- _Goal of the exercise_
If a line in the entries includes "forall", show that line.
<<<<
Definition X_class (n : nat) (cl : gl2class) : algC :=
  match cl with
  | C1 k => r%:R * alpha F (n %% r) k | C2 k => - alpha F (n %% r) k
  | C3 k l => 0 | C4 m => - (phi F n m + phi F n (qq F * m)) end.

Lemma U_class_sym a : C3_symmetric (U_class a). Proof. by move=> k l /=; rewrite addnC. Qed.
Lemma V_class_sym a : C3_symmetric (V_class a). Proof. by move=> k l /=; rewrite addnC. Qed.
Lemma W_class_sym a b : C3_symmetric (W_class a b). Proof. by move=> k l /=; rewrite addrC. Qed.
Lemma X_class_sym n : C3_symmetric (X_class n). Proof. by []. Qed.

Lemma alpha_double x k : alpha F x (2 * k) = alpha F (2 * x) k.
Proof. by rewrite /alpha mulnCA mulnA. Qed.

Lemma alphaD x k l : alpha F x (k + l) = alpha F x k * alpha F x l.
Proof. by rewrite /alpha mulnDr exprD. Qed.

Lemma conjC_alpha x j : (alpha F x j)^* = alpha F (x * r.-1) j.
Proof. by rewrite /alpha conjC_zetaX // mulnAC. Qed.

Ltac class_prod_monomial :=
  rewrite /class_prod /= ?alpha_double ?alphaD
    ?(rmorphM, rmorphD, rmorphN, rmorph_nat, rmorph0) /= ?conjC_alpha
    ?big_cons ?big_nil /alpha ?mulnDl ?exprD; ring.

Lemma mult_WWU (a b c d a' : nat) :
  mult (chiW iota rho sigma a b) (chiW iota rho sigma c d) (chiU iota rho sigma a') =
    ind ((a + c == a' %[mod r]) && (b + d == a' %[mod r]))
  + ind ((a + d == a' %[mod r]) && (b + c == a' %[mod r])).
Proof.
rewrite (mult_monomial (f1 := W_class a b) (f2 := W_class c d) (f3 := U_class a')
  (e := (a + b + c + d + 2 * a' * r.-1)%N) (A := (ss F)%:R ^+ 2) (B := 1)
  (s := [:: (a + c + a' * r.-1, b + d + a' * r.-1); (a + d + a' * r.-1, b + c + a' * r.-1);
            (b + c + a' * r.-1, a + d + a' * r.-1); (b + d + a' * r.-1, a + c + a' * r.-1)]%N))
  => //; try solve [exact: W_class_sym | exact: U_class_sym | move=> *; class_prod_monomial
                    | rewrite /=; lia].
rewrite !big_cons big_nil /= !zeta_sum_eqmod // !ind_and natr_rr natr_ss.
by field; rewrite natr_q_neq0 natr_qS_neq0 natr_qB1_neq0.
Qed.

Lemma mult_WWV (a b c d b' : nat) :
  mult (chiW iota rho sigma a b) (chiW iota rho sigma c d) (chiV iota rho sigma b') =
    ind (a + b + c + d == 2 * b' %[mod r])
  + ind ((a + c == b' %[mod r]) && (b + d == b' %[mod r]))
  + ind ((a + d == b' %[mod r]) && (b + c == b' %[mod r])).
Proof.
rewrite (mult_monomial (f1 := W_class a b) (f2 := W_class c d) (f3 := V_class b')
  (e := (a + b + c + d + 2 * b' * r.-1)%N) (A := (ss F)%:R ^+ 2 * (qq F)%:R) (B := 0)
  (s := [:: (a + c + b' * r.-1, b + d + b' * r.-1); (a + d + b' * r.-1, b + c + b' * r.-1);
            (b + c + b' * r.-1, a + d + b' * r.-1); (b + d + b' * r.-1, a + c + b' * r.-1)]%N))
  => //; try solve [exact: W_class_sym | exact: V_class_sym | move=> *; class_prod_monomial
                    | rewrite /=; lia].
rewrite !big_cons big_nil /= !zeta_sum_eqmod // !ind_and natr_rr natr_ss /qq.
by field; rewrite natr_q_neq0 natr_qS_neq0 natr_qB1_neq0.
Qed.

Lemma mult_WWW (a b c d c' d' : nat) :
  mult (chiW iota rho sigma a b) (chiW iota rho sigma c d) (chiW iota rho sigma c' d') =
    ind (a + b + c + d == c' + d' %[mod r])
  + ind ((a + c == c' %[mod r]) && (b + d == d' %[mod r]))
  + ind ((a + c == d' %[mod r]) && (b + d == c' %[mod r]))
  + ind ((a + d == c' %[mod r]) && (b + c == d' %[mod r]))
  + ind ((a + d == d' %[mod r]) && (b + c == c' %[mod r])).
Proof.
rewrite (mult_monomial (f1 := W_class a b) (f2 := W_class c d) (f3 := W_class c' d')
  (e := (a + b + c + d + (c' + d') * r.-1)%N) (A := (ss F)%:R ^+ 3) (B := 1)
  (s := [:: (a + c + c' * r.-1, b + d + d' * r.-1); (a + c + d' * r.-1, b + d + c' * r.-1);
            (a + d + c' * r.-1, b + c + d' * r.-1); (a + d + d' * r.-1, b + c + c' * r.-1);
            (b + c + c' * r.-1, a + d + d' * r.-1); (b + c + d' * r.-1, a + d + c' * r.-1);
            (b + d + c' * r.-1, a + c + d' * r.-1); (b + d + d' * r.-1, a + c + c' * r.-1)]%N))
  => //; try solve [exact: W_class_sym | move=> *; class_prod_monomial | rewrite /=; lia].
rewrite !big_cons big_nil /= !zeta_sum_eqmod // !ind_and natr_rr natr_ss.
by field; rewrite natr_q_neq0 natr_qS_neq0 natr_qB1_neq0.
Qed.

Lemma mult_WWX (a b c d n : nat) :
  mult (chiW iota rho sigma a b) (chiW iota rho sigma c d) (chiX iota rho sigma n) =
    ind (a + b + c + d == n %[mod r]).
Proof.
rewrite (mult_monomial (f1 := W_class a b) (f2 := W_class c d) (f3 := X_class n)
  (e := (a + b + c + d + n %% r * r.-1)%N) (A := (ss F)%:R ^+ 2 * r%:R) (B := -1) (s := [::]))
  => //; try solve [exact: W_class_sym | exact: X_class_sym | move=> *; class_prod_monomial].
rewrite big_nil /= zeta_sum_eqmod // modn_mod natr_rr natr_ss.
by field; rewrite natr_q_neq0 natr_qS_neq0 natr_qB1_neq0.
Qed.

End Multiplicities.

Theorem lemmaA3 (F L : finFieldType) (iota : {rmorphism F -> L})
    (rho : F) (sigma : L)
    (hL : #|L| = (#|F| ^ 2)%N)
    (hrho : (rr F).-primitive_root rho)
    (hsigma : (rr F * ss F)%N.-primitive_root sigma)
    (hsr : sigma ^+ ss F = iota rho)
    (a b c d : 'I_(rr F)) (hab : a != b) (hcd : c != d) :
  let W1 := chiW iota rho sigma a b in
  let W2 := chiW iota rho sigma c d in
  (forall a' : 'I_(rr F),
     mult W1 W2 (chiU iota rho sigma a') =
       ind ((a + c == a' %[mod rr F]) && (b + d == a' %[mod rr F]))%N
     + ind ((a + d == a' %[mod rr F]) && (b + c == a' %[mod rr F]))%N)
  /\ (forall b' : 'I_(rr F),
     mult W1 W2 (chiV iota rho sigma b') =
       ind (a + b + c + d == 2 * b' %[mod rr F])%N
     + ind ((a + c == b' %[mod rr F]) && (b + d == b' %[mod rr F]))%N
     + ind ((a + d == b' %[mod rr F]) && (b + c == b' %[mod rr F]))%N)
  /\ (forall c' d' : 'I_(rr F), c' != d' ->
     mult W1 W2 (chiW iota rho sigma c' d') =
       ind (a + b + c + d == c' + d' %[mod rr F])%N
     + ind ((a + c == c' %[mod rr F]) && (b + d == d' %[mod rr F]))%N
     + ind ((a + c == d' %[mod rr F]) && (b + d == c' %[mod rr F]))%N
     + ind ((a + d == c' %[mod rr F]) && (b + c == d' %[mod rr F]))%N
     + ind ((a + d == d' %[mod rr F]) && (b + c == c' %[mod rr F]))%N)
  /\ (forall n' : 'I_(rr F * ss F), (n' %% ss F != 0)%N ->
     mult W1 W2 (chiX iota rho sigma n') =
       ind (a + b + c + d == n' %[mod rr F])%N).
Proof.
move=> W1 W2.
have r_gt1 : (1 < rr F)%N.
  rewrite ltnNge; apply: contra hab => r_le1; apply/eqP/val_inj => /=.
  by move: (ltn_ord a) (ltn_ord b); lia.
split; first by move=> a'; exact: (mult_WWU iota sigma hrho r_gt1).
split; first by move=> b'; exact: (mult_WWV iota sigma hrho r_gt1).
split; first by move=> c' d' _; exact: (mult_WWW iota sigma hrho r_gt1).
by move=> n' _; exact: (mult_WWX iota sigma hrho r_gt1).
Qed.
>>>>
- _Solution for this task_
  (forall a' : 'I_(rr F),
  /\ (forall b' : 'I_(rr F),
  /\ (forall c' d' : 'I_(rr F), c' != d' ->
  /\ (forall n' : 'I_(rr F * ss F), (n' %% ss F != 0)%N ->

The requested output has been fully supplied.